The old woman turned her back to me and began fumbling in her purse, which was the size of a small knitting bag. After much muttering she finally produced two dollar bills rolled together and neatly bound with a yellow rubber band. She addressed the clerk with a staunch formality: “Also I would like some peanut butter cookies. The little ones. Twenty-four cents of them.”
The clerk, with a look that pleaded God, I wish my period would start, scooped out three small peanut butter cookies and, without bothering to weigh them, slipped them in the bag with the others. The old woman rolled the yellow rubber band off the two bills and spread them out on the counter, pausing to smooth them flat before she secured the white sack in her knitting-bag purse, dropped in the yellow rubber band and the receipt, and left at a brisk shuffle. I lost sight of her in the flow of the crowd as I stepped forward to place my order.
About a half hour later, however, while I was sitting on a bench at the other end of the mall, still pondering the money and points as I polished off a last hot dog, the old woman appeared and, after considerable maneuvering, plopped herself down on the far end of the bench.

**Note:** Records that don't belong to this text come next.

Definition geodesic_segment {X : Type} (d : X -> X -> R) (g : R -> X) (x y : X) : Prop :=
  g 0 = x /\ g (d x y) = y /\
  forall s t, 0 <= s <= d x y -> 0 <= t <= d x y -> d (g s) (g t) = Rabs (s - t).

Section Segment.
Context {X : Type} {d : X -> X -> R} {g : R -> X} {x y : X} (Hg : geodesic_segment d g x y).

Lemma segment_dist s t : 0 <= s <= t -> t <= d x y -> d (g s) (g t) = t - s.
Proof.
  intros Hs Ht. destruct Hg as [_ [_ Hiso]].
  rewrite Hiso by lra. rewrite Rabs_left1 by lra. ring.
Qed.

Lemma segment_dist_start t : 0 <= t <= d x y -> d x (g t) = t.
Proof.
  intros Ht. destruct Hg as [G0 _]. rewrite <- G0 at 1.
  rewrite segment_dist by lra. ring.
Qed.

Lemma segment_dist_end t : 0 <= t <= d x y -> d (g t) y = d x y - t.
Proof.
  intros Ht. destruct Hg as [_ [GL _]]. rewrite <- GL at 1.
  apply segment_dist; lra.
Qed.

End Segment.

Section Metric.
Context {X : Type} {d : X -> X -> R} (Hm : is_metric d).

Lemma dist_nonneg x y : 0 <= d x y. Proof. apply Hm. Qed.
Lemma dist_sym x y : d x y = d y x. Proof. apply Hm. Qed.
Lemma dist_tri x y z : d x z <= d x y + d y z. Proof. apply Hm. Qed.
Lemma dist_refl x : d x x = 0. Proof. apply Hm; auto. Qed.

Lemma gp_le_l x0 x y : gp d x0 x y <= d x0 x.
Proof. unfold gp. pose proof (dist_tri x0 x y). lra. Qed.

Lemma gp_le_r x0 x y : gp d x0 x y <= d x0 y.
Proof. unfold gp. pose proof (dist_tri x0 y x). rewrite (dist_sym y x) in *. lra. Qed.

Lemma gp_sym x0 x y : gp d x0 x y = gp d x0 y x.
Proof. unfold gp. rewrite (dist_sym x y). lra. Qed.

Lemma gp_nonneg x0 x y : 0 <= gp d x0 x y.
Proof. unfold gp. pose proof (dist_tri x x0 y). rewrite (dist_sym x x0) in *. lra. Qed.

Lemma gp_le_segment g x y x0 t :
  geodesic_segment d g x y -> 0 <= t <= d x y -> gp d x0 x y <= d x0 (g t).
Proof.
  intros Hg Ht. unfold gp.
  pose proof (dist_tri x0 (g t) x). pose proof (dist_tri x0 (g t) y).
  rewrite (dist_sym (g t) x), (segment_dist_start Hg), (segment_dist_end Hg) in * by lra.
  lra.
Qed.

Lemma tripod_leg_bounds x0 x y : 0 <= (d x y + d x x0 - d y x0) / 2 <= d x y.
Proof.
  pose proof (dist_tri x x0 y). pose proof (dist_tri y x x0). pose proof (dist_tri x y x0).
  rewrite (dist_sym y x), (dist_sym x0 y) in *. lra.
Qed.

(* [(d x y + d x x0 - d y x0) / 2] is the leg at [x] of the comparison tripod of the
   triangle [x y x0]. *)
Lemma tripod_side x0 x y z p δ :
  d x p + d p x0 = d x x0 -> d x z = (d x y + d x x0 - d y x0) / 2 -> d z p <= δ ->
  d x0 z <= gp d x0 x y + 2 * δ.
Proof.
  intros Hp Hz Hzp. unfold gp.
  pose proof (dist_tri x p z). pose proof (dist_tri x0 p z).
  rewrite (dist_sym p z), (dist_sym x0 p), (dist_sym x0 x), (dist_sym y x0) in *. lra.
Qed.
Lemma perm_deglex_mo : monomial_order perm_deglex.
Proof.
split; [split|split].
- by move=> m; apply: lexx.
- by move=> m1 m2 /le_anti /mperm_inj.
- by move=> m2 m1 m3; apply: le_trans.
- by move=> m1 m2; apply: le_total.
- apply: (@wf_incl _ _ (fun a b => mperm a < mperm b)%O); last first.
    exact: (wf_inverse_image _ _ _ _ (@ltom_wf n)).
  by move=> a b /andP [le_ab ne_ab]; rewrite lt_neqAle (inj_eq mperm_inj) ne_ab.
- by move=> m1 m2 m3; rewrite /perm_deglex !mpermD lemc_add2l.
Qed.

End PermutedDeglex.

Lemma deglex_mnm1_max n (j : 'I_n.+1) : (mnm1 ord_max <= mnm1 j :> 'X_{1..n.+1})%O.
Proof.
have [->|jn] := eqVneq j ord_max; first exact: lexx.
apply/ltW/ltmcP; first by rewrite !mdeg1.
exists j; last by rewrite !mnm1E eqxx eq_sym (negbTE jn).
move=> j' lt_j'j; rewrite !mnm1E; have [e|_] := eqVneq ord_max j'.
  by move: lt_j'j; rewrite -e ltnNge -ltnS ltn_ord.
by have [e|//] := eqVneq j j'; move: lt_j'j; rewrite e ltnn.
Qed.

Lemma exists_mo_least_var n (k : 'I_n) :
  exists le, monomial_order le /\ forall i, le (mnm1 k) (mnm1 i).
Proof.
case: n k => [[] //|n] k; exists (perm_deglex (tperm k ord_max)).
split => [|i]; first exact: perm_deglex_mo.
by rewrite /perm_deglex !mperm_mnm1 tpermV tpermL deglex_mnm1_max.
Qed.

Lemma two_point_basis_inj (K : fieldType) n (P Q : 'I_n -> K) :
  injective (two_point_basis P Q).
Proof.
move=> k1 k2 eB; have : quad_poly P Q k1 \in two_point_basis P Q k2.
  by rewrite -eB; apply/two_point_basisP; left.
have lead1 : (mnm1 k1 *+ 2)%MM \in msupp (quad_poly P Q k1).
  by rewrite mcoeff_msupp quad_poly_coef_lead oner_neq0.
case/two_point_basisP => [e|[i _ e]]; rewrite e in lead1.
  case/quad_poly_supp: lead1 => [/mnmP /(_ k1)|/eqP|/eqP]; last by rewrite mnm1M2_neq0.
    by rewrite !mulmnE !mnm1E eqxx; case: eqP.
  by rewrite mnm1M2_neq_mnm1.
by case/line_poly_supp: lead1 => [|[]|] /eqP; rewrite ?mnm1M2_neq_mnm1 ?mnm1M2_neq0.
Qed.

Lemma count_neq_sum_B0 (K : fieldType) n (P Q : 'I_n -> K) :
  count (fun i => P i != Q i) (enum 'I_n) = (n - \sum_(i < n) B0 (P i - Q i))%N.
Proof.
have <- : count (fun i => P i == Q i) (enum 'I_n) = \sum_(i < n) B0 (P i - Q i).
  rewrite -sum1_count big_mkcond big_enum /=.
  by apply: eq_bigr => i _; rewrite /B0 subr_eq0.
by rewrite -[X in (X - _)%N](size_enum_ord n) -(count_predC (fun i => P i == Q i)) addKn.
Qed.

Lemma ideal_of_points_subr (K : fieldType) n (S : ('I_n -> K) -> Prop) f g :
  ideal_of_points S f -> ideal_of_points S g -> ideal_of_points S (f - g).
Proof. by move=> If Ig s Ss; rewrite mevalB If // Ig // subrr. Qed.

Lemma exists_neq_coord (T : finType) (U : eqType) (f g : T -> U) :
  f <> g -> exists i, f i != g i.
Proof.
move=> neq_fg; apply/existsP; apply: contra_notT neq_fg => /existsPn fg_eq.
by apply: functional_extensionality => i; apply/eqP/negPn/fg_eq.
Qed.

Lemma two_points_rgbP (K : fieldType) n (P Q : 'I_n -> K) le G :
  monomial_order le -> P <> Q ->
  is_reduced_groebner_basis le (ideal_of_points (fun s => s = P \/ s = Q)) G ->
  exists2 k, P k != Q k & G = two_point_basis P Q k.
Proof.
move=> le_mo /exists_neq_coord [j PQj] rgbG.
set D := [seq k <- enum 'I_n | P k != Q k].
have inD i : (i \in D) = (P i != Q i) by rewrite mem_filter mem_enum andbT.
have D_neq0 : D != [::] by apply: contraTneq PQj => D0; rewrite -inD D0.
have [k + k_least] := mo_exists_least le_mo (@mnm1 n) D_neq0; rewrite inD => hk.
exists k => //; apply: (rgb_uniq le_mo (@ideal_of_points_subr _ _ _) rgbG).
by apply: two_point_basis_rgb => // i; rewrite -inD; apply: k_least.
Qed.

Theorem theorem3 (K : finFieldType) (n : nat) (hn : (1 <= n)%N)
    (P Q : 'I_n -> K) (hPQ : P <> Q) :
  exists S : {fset {fset {mpoly K[n]}}},
    (forall G : {fset {mpoly K[n]}},
       G \in S <->
       exists le : rel 'X_{1..n},
         monomial_order le /\
         is_reduced_groebner_basis le
           (ideal_of_points (fun s => s = P \/ s = Q)) G) /\
    #|` S| = (n - \sum_(i < n) B0 (P i - Q i))%N.
Proof.
set D := [seq k <- enum 'I_n | P k != Q k].
have inD i : (i \in D) = (P i != Q i) by rewrite mem_filter mem_enum andbT.
exists [fset two_point_basis P Q k | k in D]%fset; split => [G|]; last first.
  rewrite card_imfset /=; last exact: two_point_basis_inj.
  rewrite undup_id; last by rewrite filter_uniq // enum_uniq.
  by rewrite size_filter count_neq_sum_B0.
split => [/imfsetP [k /= + ->] | [le [le_mo /two_points_rgbP]]].
  rewrite inD => hk; have [le [le_mo k_least]] := exists_mo_least_var k.
  by exists le; split => //; apply: two_point_basis_rgb => // i _.
by case/(_ le_mo hPQ) => k hk ->; apply/imfsetP; exists k; rewrite ?inD.
Qed.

Without any acknowledgment of my presence, she opened the white bag from the Cookie Jar. At a bite each, with slow and luscious enjoyment, she ate the three small peanut butter cookies. When she’d finished, she peered into the bag to check the other three, the big ones, and then, as if to confirm their existence, their promise of delight, she named them one by one:
“Friday night.
Saturday night.
Sunday with tea.”
The path of water is not noticed by water, but is realized by water. –DōGEN
Thinking things through.
Thinking through things.
Things through thinking.
Through thinking things.
At fifteen,
the imagination
torments;
at fifty,
it consoles.
Another transformation
changing nothing.
I don’t know
and I don’t know
what to do about it.
I simply hit a point
where I lost heart for judgments
and was swept
into the voluptuous, harrowing
complexities composing a single breath.
AN HOMAGE TO WALT WHITMAN
Reality is the work of imagination.
Imagination, the flume of emotion.
After all the tears and laughter,
emotion empties into spirit,
and spirit condenses on reality
like dew on a leaf of grass.
A salmon leaps.
Transcend what?
Vicky and I were steelhead fishing on a secret riffle of a nameless Pacific Northwest river, perhaps the best iron-head water between the Russian and Bella Coola, to which you may receive directions for a thousand dollars cash. It was late afternoon, the sky the color of wet ashes, the river high but beginning to clear. I was drifting a roe-glo through the upper stretch of the run when I felt a slight pause in the tick-tick-tickity rhythm of the pencil-lead sinker bouncing along the stony bottom. I set the hook. The rod tip bowed and began to pulse, the heavy, solid throb running through my shoulders.
“Fish on!” I hollered to Vicky forty yards downstream.
She turned and looked at me, yelling back, “Really?”
For some reason, this is the usual response of my fishing companions, leading me to believe they regard me as either an astonishingly inept fisherman or an insanely reckless liar.
“Really!” I assured her at the top of my lungs, lifting my doubled rod as proof before turning my attention to the battle.
Actually, it wasn’t much of a battle. The fish was sulking in the strong mid-channel current. I tightened the star drag slightly and applied some pressure; the fish turned lethargically and headed downstream. I lightly thumbed the spool; at the added resistance, the fish swung toward shore down by Vicky, who had just reeled in and started walking my way, no doubt to offer encouragement, counsel, and general assistance.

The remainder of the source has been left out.